Stored data:
■ ■ ■
Lemma sum_sample_weight_seen_R p x v :
  \sum_s sample_weight e p v s * (seen_R x s)%:R = (1 - p) * phi R e x v.
Proof.
rewrite phiE mulrCA !mulr_sumr [in RHS]big_mkcond sumr_pair_bool /=.
apply: eq_bigr => w _; rewrite /sample_weight /seen_R inE /=.
by case: (e v w); case: (x w); rewrite /= ?mulr0 ?mul0r ?mulr1 ?add0r ?addr0.
Qed.

Lemma sum_sample_weight p v : (0 < deg e v)%N -> \sum_s sample_weight e p v s = 1.
Proof.
move=> deg_gt0; rewrite sumr_pair_bool.
under eq_bigr do rewrite /sample_weight /= -mulrDr addrC subrK mulr1.
rewrite -big_mkcond sumr_const.
have -> : #|e v| = deg e v by apply: eq_card => w; rewrite inE.
by rewrite -[_ *+ _]mulr_natr mulVf // pnatr_eq0 -lt0n.
Qed.

Lemma prob_next_RE p k x v : (0 < deg e v)%N -> odd k ->
  prob_next_R e p k x v = Fpk p k (phi R e x v).
Proof.
move=> deg_gt0 odd_k.
(* [prob_next_R] is defined under [classical_set_scope], so it counts a classical set. *)
have card_seen (s : {ffun 'I_k -> V * bool}) :
    #|[set i | is_true (seen_R x (s i))]%classic| = #|[set i | seen_R x (s i)]|.
  by apply: eq_card => i; rewrite finset.inE unfold_in /in_set /= asboolb.
rewrite /prob_next_R; under eq_bigr do rewrite card_seen.
rewrite (sum_ffun_count_binomial _ _ _ (fun n => (k < 2 * n)%N)).
have sum_seen_B : \sum_s sample_weight e p v s * (~~ seen_R x s)%:R
    = 1 - (1 - p) * phi R e x v.
  have total : \sum_s sample_weight e p v s * (seen_R x s)%:R
      + \sum_s sample_weight e p v s * (~~ seen_R x s)%:R = 1.
    rewrite -big_split -[RHS](sum_sample_weight p deg_gt0) /=; apply: eq_bigr => s _.
    by case: seen_R; rewrite /= mulr1 mulr0 ?addr0 ?add0r.
  by rewrite -sum_sample_weight_seen_R -[X in _ = X - _]total addrAC subrr add0r.
rewrite sum_sample_weight_seen_R sum_seen_B.
by apply: eq_bigl => j; rewrite odd_ltn_double.
Qed.

End EdgeMajority.

Theorem lemma5p13 (R : realType) (k : nat) (p eta : R) :
  (3 <= k)%N -> odd k ->
  0 <= p -> p <= pstar R k -> 0 < eta ->
  exists eps' : R, 0 < eps' /\
    forall (V : finType) (e : rel V),
      symmetric e -> irreflexive e ->
      (forall u : V, exists v : V, e u v) ->
      forall (x : V -> bool),
        phimax R e x <= phiminus p k - eta ->
        forall u : V,
          exp_next_phi e p k x u <= (1 - eps') * phimax R e x.
Proof.
move=> k_ge3 odd_k _ _ eta_gt0.
have c_lt : phiminus p k - eta < phiminus p k by rewrite ltrBlDr ltrDl.
have [eps /andP[eps_gt0 eps_le1] Fpk_le] := Fpk_contraction k_ge3 c_lt.
exists eps; split => // V e _ _ has_nbr x phimax_le u.
have deg_gt0 w : (0 < deg e w)%N.
  by have [v e_wv] := has_nbr w; apply/card_gt0P; exists v; rewrite inE.
have prob_le w : prob_next_R e p k x w <= (1 - eps) * phimax R e x.
  have phi_w_range : 0 <= phi R e x w <= phiminus p k - eta.
    by rewrite phi_ge0 (le_trans (phi_le_phimax R e x w)).
  rewrite prob_next_RE //; apply: le_trans (Fpk_le _ phi_w_range (phi_le1 R e x w)) _.
  by rewrite ler_wpM2l ?subr_ge0 ?phi_le_phimax.
rewrite exp_next_phiE; apply: le_trans (ler_wpM2l _ (ler_sum _ (fun w _ => prob_le w))) _.
  by rewrite invr_ge0.
by rewrite sumr_const -[_ *+ #|_|]mulr_natl mulrA mulVf ?mul1r // pnatr_eq0 -lt0n.
Qed.
Theorem theorem2 (R : realType) :
  (forall (nx nP nQ : nat) (S : pwa R nx nP nQ) (mu : nat),
     pwa_wf S -> A4 S -> (1 <= mu)%N -> global_reldeg S mu ->
     forall (x : int -> 'cV[R]_nx) (u y : int -> R),
       is_traj S x u y -> A1 S (x 0) ->
       forall k : int,
         calD S x mu k != 0 /\
         x (k + 1) = Abar S x mu k *m x k + y (k + mu%:Z) *: Bbar S x mu k
                     + Fbar S x mu k
                     - ((calD S x mu k)^-1 * Psi S x u mu k) *: Bbold S k (x k) /\
         u k = (Cbar S x mu k *m x k) 0 0 + Dbar S x mu k * y (k + mu%:Z)
               + Gbar S x mu k - (calD S x mu k)^-1 * Psi S x u mu k)
  /\
  (exists (nx nP nQ : nat) (S : pwa R nx nP nQ) (mu : nat),
     [/\ pwa_wf S, A4 S, (1 <= mu)%N & global_reldeg S mu] /\
     exists (x0 : 'cV[R]_nx) (w : int -> R) (k : nat) (v : R),
       [/\ A1 S x0, v != w k%:Z &
           let w' := fun i : int => if i == k%:Z then v else w i in
           out S (k%:Z + mu%:Z) (sim S 0 x0 w' (k + mu)) (w' (k%:Z + mu%:Z))
           = out S (k%:Z + mu%:Z) (sim S 0 x0 w (k + mu)) (w (k%:Z + mu%:Z))]).
Proof.
split.
  move=> nx nP nQ S mu wf a4 mu_gt0 reldeg x u y traj _ k.
  have D_neq0 := calD_neq0 x k wf reldeg mu_gt0.
  have y_out := traj_output_unroll traj k mu_gt0 (Dq_eq0 a4 reldeg mu_gt0).
  have u_k := input_of_output D_neq0 y_out.
  by split=> //; split; [exact: state_of_input | exact: u_k].
exists 1%N, 1%N, 2%N, (noninj_pwa R), 1%N; split.
  by split; [exact: noninj_wf | exact: noninj_A4 | | exact: noninj_reldeg].
exists 0, (fun _ => 1), 0%N, (-1); split; first exact: noninj_A1.
  by apply/eqP; lra.
by rewrite /= !noninj_step !noninj_out !mxE !mulr1 ler0N1 ler01; lra.
Qed.
Lemma invq_power_quandle : is_power_quandle invq invq_rhd invq_pi invq_e.
Proof.
  repeat split.
  - intro a. exists (invq_rhd a). split; intro; apply invq_rhdK.
  - intros a b c. apply invq_val_inj; simpl. pose proof (invq_val_invol a) as Ha.
    unfold invq_val in *. rewrite !gmul_assoc.
    do 2 rewrite <- (gmul_assoc G _ (proj1_sig a) (proj1_sig a)), Ha, gmul_1r.
    reflexivity.
  - intro a. apply invq_val_inj; simpl. pose proof (invq_val_invol a) as Ha.
    unfold invq_val in *. rewrite <- gmul_assoc, Ha, gmul_1r. reflexivity.
  - apply invq_rhd_e.
  - apply invq_rhd_to_e.
  - intros m n a. unfold invq_pi. rewrite Z.even_mul.
    destruct (Z.even n), (Z.even m); reflexivity.
  - intros n a b. unfold invq_pi.
    destruct (Z.even n); [apply invq_rhd_to_e | reflexivity].
  - apply invq_lam_pow.
Qed.

Lemma invq_val_Gr_rel : Gr_rel invq invq_rhd invq_pi invq_e G invq_val.
Proof.
  repeat split.
  - intros a b. simpl. f_equal. symmetry. apply ginv_invol, invq_val_invol.
  - intros n a. rewrite gpow_invol by apply invq_val_invol.
    unfold invq_pi. destruct (Z.even n); reflexivity.
Qed.

Fixpoint invq_alt (j : nat) (a b : invq) : invq :=
  match j with
  | O => a
  | S j => invq_rhd a (invq_alt j b a)
  end.

Lemma invq_val_alt j a b :
  invq_val (invq_alt j a b) = alt j (invq_val a) (invq_val b).
Proof.
  revert a b. induction j as [|j IH]; intros a b.
  - unfold alt; simpl. rewrite gmul_1l. reflexivity.
  - rewrite <- conj_alt, <- IH. reflexivity.
Qed.

Section GrRelations.
Variables (H : Group) (f : invq -> H).
Hypothesis Hf : Gr_rel invq invq_rhd invq_pi invq_e H f.

Lemma Gr_rel_e : f invq_e = gone.
Proof. apply Hf. Qed.

Lemma Gr_rel_invol a : gmul (f a) (f a) = gone.
Proof.
  destruct Hf as [_ [Hpi He]].
  pose proof (Hpi 2%Z a) as E. simpl in E. unfold gpow_nat in E. simpl in E.
  rewrite gmul_1r in E. rewrite <- E. exact He.
Qed.

Lemma Gr_rel_conj a b : f (invq_rhd a b) = gmul (gmul (f a) (f b)) (f a).
Proof.
  destruct Hf as [Hc _]. rewrite Hc, ginv_invol by apply Gr_rel_invol.
  reflexivity.
Qed.

Lemma Gr_rel_alt j a b : f (invq_alt j a b) = alt j (f a) (f b).
Proof.
  revert a b. induction j as [|j IH]; intros a b.
  - unfold alt; simpl. rewrite gmul_1l. reflexivity.
  - simpl invq_alt. rewrite Gr_rel_conj, IH. apply conj_alt.
Qed.

(* The dihedral relation (ab)^k = 1 holding in G transfers to H, because
   then the alternating word of length 2k-1 in a, b equals b in P. *)
Lemma Gr_rel_dihedral a b k :
  gpow_nat (gmul (invq_val a) (invq_val b)) k = gone ->
  gpow_nat (gmul (f a) (f b)) k = gone.
Proof.
  destruct k as [|j]; [reflexivity|]. intro Hk.
  assert (Halt : invq_alt j a b = b).
  { apply invq_val_inj. rewrite invq_val_alt.
    rewrite <- (gmul_1r G (alt j _ _)), <- (invq_val_invol b), gmul_assoc,
      alt_mulr, Hk, gmul_1l.
    reflexivity. }
  rewrite <- alt_mulr, <- Gr_rel_alt, Halt. apply Gr_rel_invol.
Qed.

End GrRelations.
End InvolutionQuandle.

Section Reflections.
Variables (X : Type) (W : Group) (s : X -> W).
Hypothesis s_invol : forall x, gmul (s x) (s x) = gone.

Inductive reflection : W -> Prop :=
| reflection_gen x : reflection (s x)
| reflection_conj x r : reflection r -> reflection (gmul (gmul (s x) r) (s x)).

Lemma reflection_invol r : reflection r -> gmul r r = gone.
Proof.
  induction 1 as [x|x r _ IH]; [apply s_invol|].
  rewrite !gmul_assoc, <- (gmul_assoc W _ (s x) (s x)), s_invol, gmul_1r,
    <- (gmul_assoc W _ r r), IH, gmul_1r.
  apply s_invol.
Qed.

Lemma reflection_conj_closed a b :
  reflection a -> reflection b -> reflection (gmul (gmul a b) a).
Proof.
  intro Ha. revert b. induction Ha as [x|x r _ IH]; intros b Hb.
  - now apply reflection_conj.
  - replace (gmul (gmul (gmul (gmul (s x) r) (s x)) b) (gmul (gmul (s x) r) (s x)))
      with (gmul (gmul (s x) (gmul (gmul r (gmul (gmul (s x) b) (s x))) r)) (s x))
      by (rewrite !gmul_assoc; reflexivity).
    apply reflection_conj, IH, reflection_conj, Hb.
Qed.

Definition one_or_reflection (w : W) : Prop := w = gone \/ reflection w.

Lemma one_or_reflection_one : one_or_reflection gone.
Proof. now left. Qed.

Lemma one_or_reflection_invol w : one_or_reflection w -> gmul w w = gone.
Proof. intros [-> | R]; [apply gmul_1l | now apply reflection_invol]. Qed.

Lemma one_or_reflection_conj a b :
  one_or_reflection a -> one_or_reflection b ->
  one_or_reflection (gmul (gmul a b) a).
Proof.
  intros [-> | Ra] [-> | Rb].
  - left. rewrite !gmul_1l. reflexivity.
  - right. now rewrite gmul_1l, gmul_1r.
  - left. rewrite gmul_1r. now apply reflection_invol.
  - right. now apply reflection_conj_closed.
Qed.

Notation RP := (invq W one_or_reflection).
Notation rhd := (invq_rhd W one_or_reflection one_or_reflection_conj).
Notation pi := (invq_pi W one_or_reflection one_or_reflection_one).
Notation e := (invq_e W one_or_reflection one_or_reflection_one).

Definition gen_refl (x : X) : RP := exist _ (s x) (or_intror (reflection_gen x)).

Lemma hom_agrees_on_reflections (H : Group) (f : RP -> H) (h : W -> H) :
  Gr_rel RP rhd pi e H f -> is_hom h -> (forall x, h (s x) = f (gen_refl x)) ->
  forall p, h (invq_val W _ p) = f p.
Proof.
  intros Hf Hh Hhs [w [-> | R]].
  - simpl. rewrite hom_one, <- (Gr_rel_e _ _ _ _ _ _ Hf) by exact Hh.
    f_equal. now apply invq_val_inj.
  - simpl. generalize (or_intror R : one_or_reflection w).
    induction R as [x|x r R IH]; intro Rw.
    + rewrite Hhs. f_equal. now apply invq_val_inj.
    + rewrite !Hh, Hhs, (IH (or_intror R)), <- (Gr_rel_conj _ _ _ _ _ _ Hf).
      f_equal. now apply invq_val_inj.
Qed.

Lemma reflection_quandle_presents (m : X -> X -> option nat) :
  is_presented_by X (coxeter_rel m) W s ->
  is_presented_by RP (Gr_rel RP rhd pi e) W (invq_val W _).
Proof.
  intros [[_ Hrel] Huniv].
  split; [apply invq_val_Gr_rel, one_or_reflection_invol|].
  intros H f Hf.
  assert (Hcox : coxeter_rel m H (fun x => f (gen_refl x))).
  { split; [intro; exact (Gr_rel_invol _ _ _ _ _ _ Hf _)|].
    intros x y k Hxy Hk.
    apply (Gr_rel_dihedral _ _ _ one_or_reflection_invol _ _ _ Hf).
    exact (Hrel x y k Hxy Hk). }
  destruct (Huniv H _ Hcox) as [h [Hh [Hhs Hunique]]].
  exists h. split; [exact Hh|]. split.
  - exact (hom_agrees_on_reflections H f h Hf Hh Hhs).
  - intros h' Hh' Hh's. apply (Hunique h' Hh'). intro x. apply (Hh's (gen_refl x)).
Qed.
■ ■ ■
### [PROBLEM STATEMENT]
Using the records above, output exactly the lines from the first through the line that contains "have -> : #|e", with both of those included.

### [RESPONSE AREA]
Lemma sum_sample_weight_seen_R p x v :
  \sum_s sample_weight e p v s * (seen_R x s)%:R = (1 - p) * phi R e x v.
Proof.
rewrite phiE mulrCA !mulr_sumr [in RHS]big_mkcond sumr_pair_bool /=.
apply: eq_bigr => w _; rewrite /sample_weight /seen_R inE /=.
by case: (e v w); case: (x w); rewrite /= ?mulr0 ?mul0r ?mulr1 ?add0r ?addr0.
Qed.

Lemma sum_sample_weight p v : (0 < deg e v)%N -> \sum_s sample_weight e p v s = 1.
Proof.
move=> deg_gt0; rewrite sumr_pair_bool.
under eq_bigr do rewrite /sample_weight /= -mulrDr addrC subrK mulr1.
rewrite -big_mkcond sumr_const.
have -> : #|e v| = deg e v by apply: eq_card => w; rewrite inE.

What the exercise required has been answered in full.